We need to take extra care with Sequence of Oracle DB. In my recent project, I was working with Oracle database. I chose the GenerationType.SEQUENCE, but ran into issues. I was having OneToMany relationships so whenever there were 20+ child records, I was getting EntiytExistException. The issue I found was that the Oracle Sequence was not in sync with Hiberanate caching(allocationSize). The allocationSize I kept was 20 and the Sequence INCREMENTBY = 1. So suppose if the sequence returned 10, Hibernate generates 10 to 29 in the cache(based on allocationSize). So when those Ids got consumed, Hibernate ask Oracle Sequence to return next value, and this time it returns 11(INCREMENTBY=1). Hibernate tries to use 11 as Id and stuck as EntityExistException, because 11 was already generated and used by Hibernate in its cache. So for the resolution to this, I had to kept the INCREMENTBY = allocationSize. This resolved the issue. Is it the expected behaviour with Oracle, or I missed something?

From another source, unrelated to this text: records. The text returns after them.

(* The maps $U_r$ for $r \le m$ are injective if and only if $U_m$ is injective.
   Context: Let $A \ge B \ge C \ge 1$ be integers, let $\Bbbk$ be a field, and let $R = \Bbbk[x,y,z]/(x^A,y^B,z^C)$ with its standard grading ($x,y,z$ of degree one), $R = \bigoplus_{r=0}^{e} R_r$ where $e := A+B+C-3$. For each $r$, let $U_r : R_r \to R_{r+1}$ be the map given by multiplication by $x+y+z$. Let $m := \lfloor \frac{e-1}{2} \rfloor$, so that $U_m$ is a map closest to the middle of $R$. *)

From mathcomp Require Import all_boot all_order all_algebra.
Set Implicit Arguments. Unset Strict Implicit. Unset Printing Implicit Defensive.
Import GRing.Theory.
Local Open Scope ring_scope.

(* R = k[x,y,z]/(x^A,y^B,z^C) has the k-basis of monomials x^a y^b z^c with
   a < A, b < B, c < C.  An exponent triple is an element of 'I_A * 'I_B * 'I_C. *)
Definition expo (A B C : nat) := ('I_A * 'I_B * 'I_C)%type.
Definition ex_x A B C (t : expo A B C) : nat := t.1.1.
Definition ex_y A B C (t : expo A B C) : nat := t.1.2.
Definition ex_z A B C (t : expo A B C) : nat := t.2.
Definition mdeg A B C (t : expo A B C) : nat := (ex_x t + ex_y t + ex_z t)%N.

Definition mon (A B C r : nat) := {t : expo A B C | mdeg t == r}.

(* The graded piece R_r, as the k-space of coefficient vectors w.r.t. the
   monomial basis. *)
Definition Rdeg (K : fieldType) (A B C r : nat) := {ffun mon A B C r -> K}.

Definition succ_mon A B C (t t' : expo A B C) : bool :=
  [|| [&& ex_x t' == (ex_x t).+1, ex_y t' == ex_y t & ex_z t' == ex_z t],
      [&& ex_x t' == ex_x t, ex_y t' == (ex_y t).+1 & ex_z t' == ex_z t]
    | [&& ex_x t' == ex_x t, ex_y t' == ex_y t & ex_z t' == (ex_z t).+1]].

(* U_r : R_r -> R_{r+1}, multiplication by x+y+z.  The coefficient of a
   monomial t' of degree r+1 in (x+y+z) f is the sum of the coefficients of f
   at the monomials t with t' = t*x, t*y or t*z; products falling outside the
   bounds (x^A, y^B, z^C) vanish in R, which is automatic since t' ranges
   over the basis of R_{r+1}. *)
Definition U (K : fieldType) (A B C r : nat) (f : Rdeg K A B C r) :
    Rdeg K A B C r.+1 :=
  [ffun t' : mon A B C r.+1 =>
     \sum_(t : mon A B C r | succ_mon (val t) (val t')) f t].

(* If U_r f = 0 with f <> 0 and r < e, pick a monomial t in the support of f.
   The only monomial of the top degree e is x^(A-1) y^(B-1) z^(C-1), so some
   variable v still satisfies t v <> 0 in R.  Then v f is a nonzero element of
   degree r+1, and (x+y+z) (v f) = v ((x+y+z) f) = 0 by commutativity.  Hence
   injectivity of U_(r+1) forces injectivity of U_r for every r < e, and the
   corollary follows by descending from m <= e. *)

From HB Require Import structures.
From mathcomp Require Import all_boot all_order all_algebra zify.
Set Implicit Arguments. Unset Strict Implicit. Unset Printing Implicit Defensive.
Import GRing.Theory.
Local Open Scope ring_scope.

Inductive var := vx | vy | vz.

Definition nat_of_var v : nat := match v with vx => 0 | vy => 1 | vz => 2 end.
Lemma nat_of_var_inj : injective nat_of_var. Proof. by do 2!case. Qed.
HB.instance Definition _ := Equality.copy var (inj_type nat_of_var_inj).

Section Monomials.
Variables A B C : nat.
Implicit Types (v w : var) (s t : expo A B C).

Definition ex_var v t : nat :=
  match v with vx => ex_x t | vy => ex_y t | vz => ex_z t end.

Definition ord_decr n (i : 'I_n) : 'I_n :=
  Ordinal (leq_ltn_trans (leq_pred i) (ltn_ord i)).

Definition div_var v t : option (expo A B C) :=
  let: (a, b, c) := t in
  if ex_var v t == 0%N then None else
  Some (match v with
        | vx => (ord_decr a, b, c)
        | vy => (a, ord_decr b, c)
        | vz => (a, b, ord_decr c) end).

Lemma expo_inj s t : (forall v, ex_var v s = ex_var v t) -> s = t.
Proof.
case: s t => [[a b] c] [[a' b'] c'] e.
move: (e vx) (e vy) (e vz); rewrite /ex_var /ex_x /ex_y /ex_z /=.
by move=> /val_inj-> /val_inj-> /val_inj->.
Qed.

Lemma div_varP v t s :
  div_var v t = Some s <-> forall w, ex_var w t = (ex_var w s + (w == v))%N.
Proof.
split.
  case: t => [[a b] c]; case: v => /=; case: ifP => // /negbT ha [<-];
    by case=> /=; rewrite ?addn0 ?addn1 ?prednK ?lt0n.
move=> e; have := e v; rewrite eqxx addn1 => ev.
case: t e ev => [[a b] c] e ev; rewrite /div_var ev; congr Some.
apply: expo_inj => w; move: (e w).
by case: v {ev e}; case: w; case: s => [[? ?] ?]; rewrite /= /ex_x /ex_y /ex_z /=; lia.
Qed.

Lemma succ_monE t t' : succ_mon t t' =
  [|| div_var vx t' == Some t, div_var vy t' == Some t | div_var vz t' == Some t].
Proof.
rewrite /succ_mon; congr [|| _, _ | _];
  apply/idP/eqP => [/and3P[/eqP ex /eqP ey /eqP ez] | /div_varP e].
all: try by apply/div_varP => -[] /=; rewrite ?ex ?ey ?ez ?addn0 ?addn1.
all: by move: (e vx) (e vy) (e vz) => /= -> -> ->; rewrite ?addn0 ?addn1 !eqxx.
Qed.

Lemma mdeg_div_var v t s : div_var v t = Some s -> mdeg t = (mdeg s).+1.
Proof.
move/div_varP=> e; move: (e vx) (e vy) (e vz); rewrite /mdeg /=.
by case: v {e} => /= -> -> ->; rewrite ?addn0 ?addn1 ?addnS.
Qed.

Lemma div_var_eq_var v w t s :
  div_var v t = Some s -> (div_var w t == Some s) = (w == v).
Proof.
move=> hv; apply/eqP/eqP => [hw|-> //].
move: hv hw => /div_varP/(_ w) + /div_varP/(_ w); rewrite eqxx => -> /eqP.
by rewrite eqn_add2l; case: (w =P v).
Qed.

Lemma div_varC v w t :
  obind (div_var w) (div_var v t) = obind (div_var v) (div_var w t).
Proof.
case: t => [[a b] c].
by case: v; case: w; rewrite /div_var /ex_var /ex_x /ex_y /ex_z /=;
  (repeat case: ifP => //= ?); congruence.
Qed.

Lemma exists_div_var t : (mdeg t < A + B + C - 3)%N ->
  exists v s, div_var v s = Some t.
Proof.
case: t => [[a b] c]; rewrite /mdeg /ex_x /ex_y /ex_z /= => lt.
have multiple u s' : (forall w, ex_var w s' = (ex_var w (a, b, c) + (w == u))%N) ->
    exists v s, div_var v s = Some (a, b, c).
  by move/div_varP=> ?; exists u, s'.
case: (ltnP a.+1 A) => [ha|ha].
  by apply: (multiple vx (Ordinal ha, b, c)) => -[]; rewrite /= ?addn0 ?addn1.
case: (ltnP b.+1 B) => [hb|hb].
  by apply: (multiple vy (a, Ordinal hb, c)) => -[]; rewrite /= ?addn0 ?addn1.
case: (ltnP c.+1 C) => [hc|hc].
  by apply: (multiple vz (a, b, Ordinal hc)) => -[]; rewrite /= ?addn0 ?addn1.
by move: (ltn_ord a) (ltn_ord b) (ltn_ord c); lia.
Qed.

End Monomials.

Lemma big_orb_disjoint (V : nmodType) (I : finType) (P Q : pred I) (F : I -> V) :
  (forall i, P i -> Q i = false) ->
  \sum_(i | P i || Q i) F i = \sum_(i | P i) F i + \sum_(i | Q i) F i.
Proof.
move=> PQ; rewrite (bigID P) /=; congr (_ + _); apply: eq_bigl => i.
  by rewrite andb_orl andbb; case: (P i) (Q i) => [] [].
case: (boolP (P i)) => [Pi|_]; first by rewrite PQ.
by rewrite andbT.
Qed.

Section MultiplicationByVariables.
Variables (K : fieldType) (A B C : nat).
Local Notation R := {ffun expo A B C -> K}.
Implicit Types (F G : R) (v w : var).

Definition mul_var v F : R := [ffun s => oapp F 0 (div_var v s)].

Definition mul_xyz F : R := mul_var vx F + mul_var vy F + mul_var vz F.

Lemma mul_varD v F G : mul_var v (F + G) = mul_var v F + mul_var v G.
Proof.
by apply/ffunP => s; rewrite !ffunE; case: div_var => [t|] /=; rewrite ?ffunE ?addr0.
Qed.

Lemma mul_varC v w F : mul_var v (mul_var w F) = mul_var w (mul_var v F).
Proof.
have oapp_mul_var u o : oapp (mul_var u F) 0 o = oapp F 0 (obind (div_var u) o).
  by case: o => //= t; rewrite ffunE.
by apply/ffunP => s; rewrite !ffunE !oapp_mul_var div_varC.
Qed.

Lemma mul_xyz_mul_var v F : mul_xyz (mul_var v F) = mul_var v (mul_xyz F).
Proof. by rewrite /mul_xyz !mul_varD; congr (_ + _ + _); apply: mul_varC. Qed.

Definition homog r F := forall t, mdeg t != r -> F t = 0.

Lemma homog_mul_var r v F : homog r F -> homog r.+1 (mul_var v F).
Proof.
move=> hF t ht; rewrite ffunE; case E: (div_var v t) => [s|] //=.
by apply: hF; apply: contra ht => /eqP ds; rewrite (mdeg_div_var E) ds.
Qed.

Lemma homogD r F G : homog r F -> homog r G -> homog r (F + G).
Proof. by move=> hF hG t ht; rewrite ffunE hF ?hG ?addr0. Qed.

Lemma homog_mul_xyz r F : homog r F -> homog r.+1 (mul_xyz F).
Proof. by move=> hF; do ![apply: homogD]; apply: homog_mul_var. Qed.

Definition extend r (f : Rdeg K A B C r) : R :=
  [ffun t => if insub t is Some s then f s else 0].

Definition restrict r F : Rdeg K A B C r := [ffun s => F (val s)].

Lemma extend_val r (f : Rdeg K A B C r) s : extend f (val s) = f s.
Proof. by rewrite ffunE valK. Qed.

Lemma homog_extend r (f : Rdeg K A B C r) : homog r (extend f).
Proof. by move=> t ht; rewrite ffunE insubN. Qed.

Lemma extend_restrict r F : homog r F -> extend (restrict r F) = F.
Proof.
move=> hF; apply/ffunP => t; rewrite ffunE.
by case: insubP => [s _ <-|/hF ->]; rewrite ?ffunE.
Qed.

Lemma sum_mon_div r v (f : Rdeg K A B C r) (t' : expo A B C) : mdeg t' = r.+1 ->
  \sum_(t : mon A B C r | div_var v t' == Some (val t)) f t
    = oapp (extend f) 0 (div_var v t').
Proof.
case E: (div_var v t') => [s|] /= dt'; last by rewrite big_pred0.
have ds : mdeg s == r by rewrite -eqSS -dt' (mdeg_div_var E).
rewrite (big_pred1 (Sub s ds)) => [|t]; first by rewrite -extend_val SubK.
by rewrite inE -val_eqE SubK eq_sym.
Qed.

Lemma UE r (f : Rdeg K A B C r) : U f = restrict r.+1 (mul_xyz (extend f)).
Proof.
apply/ffunP => t'; have /eqP dt' := valP t'.
rewrite !ffunE (eq_bigl _ _ (fun t => succ_monE (val t) (val t'))).
by rewrite !big_orb_disjoint ?(sum_mon_div _ _ dt') ?addrA // => t /eqP hx;
  rewrite !(div_var_eq_var _ hx).
Qed.

Lemma U_zmod_morphism r : zmod_morphism (@U K A B C r).
Proof.
move=> f g; apply/ffunP => t; rewrite !ffunE -sumrB.
by apply: eq_bigr => s _; rewrite !ffunE.
Qed.

HB.instance Definition _ r :=
  GRing.isZmodMorphism.Build (Rdeg K A B C r) (Rdeg K A B C r.+1) (@U K A B C r)
    (@U_zmod_morphism r).

Lemma mul_xyz_extend_eq0 r (f : Rdeg K A B C r) : U f = 0 -> mul_xyz (extend f) = 0.
Proof.
move=> Uf0; apply/ffunP => t; rewrite [RHS]ffunE.
case: (boolP (mdeg t == r.+1)) => dt; last exact: homog_mul_xyz (homog_extend f) t dt.
by move/ffunP/(_ (Sub t dt)): Uf0; rewrite UE !ffunE.
Qed.

Lemma U_inj_pred r : (r < A + B + C - 3)%N ->
  injective (@U K A B C r.+1) -> injective (@U K A B C r).
Proof.
move=> r_lt_e injU; apply: raddf_inj => f Uf0; apply/ffunP => t; rewrite ffunE.
apply/eqP/negPn/negP => ft.
have [v [s hs]] : exists v s, div_var v s = Some (val t).
  by apply: exists_div_var; rewrite (eqP (valP t)).
pose g := restrict r.+1 (mul_var v (extend f)).
have extend_g : extend g = mul_var v (extend f).
  exact/extend_restrict/homog_mul_var/homog_extend.
have Ug0 : U g = 0.
  rewrite UE extend_g mul_xyz_mul_var mul_xyz_extend_eq0 //.
  by apply/ffunP => s'; rewrite !ffunE; case: div_var => //= ?; rewrite ffunE.
have g0 : g = 0 by apply: injU; rewrite Ug0 raddf0.
have ds : mdeg s == r.+1 by rewrite (mdeg_div_var hs) (eqP (valP t)).
have g_s : g (Sub s ds) = f t by rewrite !ffunE /= hs /= extend_val.
by move/negP: ft; apply; rewrite -g_s g0 ffunE.
Qed.

Lemma U_inj_le r s : (s <= A + B + C - 3)%N ->
  injective (@U K A B C s) -> (r <= s)%N -> injective (@U K A B C r).
Proof.
elim: s => [|s IH] se injU; first by rewrite leqn0 => /eqP->.
rewrite leq_eqVlt => /orP[/eqP-> // | rs].
exact: IH (ltnW se) (U_inj_pred se injU) rs.
Qed.

End MultiplicationByVariables.

Theorem corollary2 (K : fieldType) (A B C : nat)
    (hC : (1 <= C)%N) (hBC : (C <= B)%N) (hAB : (B <= A)%N) :
  let e := (A + B + C - 3)%N in
  let m := (e.-1)./2 in
  (forall r : nat, (r <= m)%N -> injective (@U K A B C r)) <->
  injective (@U K A B C m).
Proof.
move=> e m; split => [injU | injUm r rm]; first exact: injU.
have me : (m <= e)%N by rewrite /m leq_half_double; lia.
exact: U_inj_le me injUm rm.
Qed.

@6:00 Your example with allocationSize=10 makes three calls to `next_val` sequence generator. I didn't understand why this is the case, would you mind explaining how the 10 relates to the 3 calls please? (or maybe i misunderstood and they're not connected).
I generate primary key using before insert trigger. Is there any way to use it in hibernate when I insert a new row? It throws exception because of the null value in @Id field of the entity
Thanks for your video. Can you please suggest which generation strategy suitable for below use case. Use Case: I am using Hibernate 5 + with latest spring boot 2.0. Backend is Oracle 12c. Based on my understanding, Oracle 12c has auto increment identity feature. In this case, Can I use Generation strategy as Identity or I have to create sequence in Oracle use it. Moreover, It requires to support Batch processing as well. I believe Identity won't support it and sequence does. Please suggest the right way of doing. Thanks.
as for the question. It really depends. if the system i work on already has an opinion on how to generate a key, i just go with what the system does unless i can give a really good reason not to. if i am making the decision, i first try to figure out what context my code will run in. if i am to use the data for batch jobs, i usually go with the smallest key practical. if many users need to create instances simultaniously, i would prefer UIIDs with some colision handling.
If we are using sequence generator type, then primary key column in database must not be IDENTITY, Right?? Can We take advantage of jdbc batch by using Auto generation strategy??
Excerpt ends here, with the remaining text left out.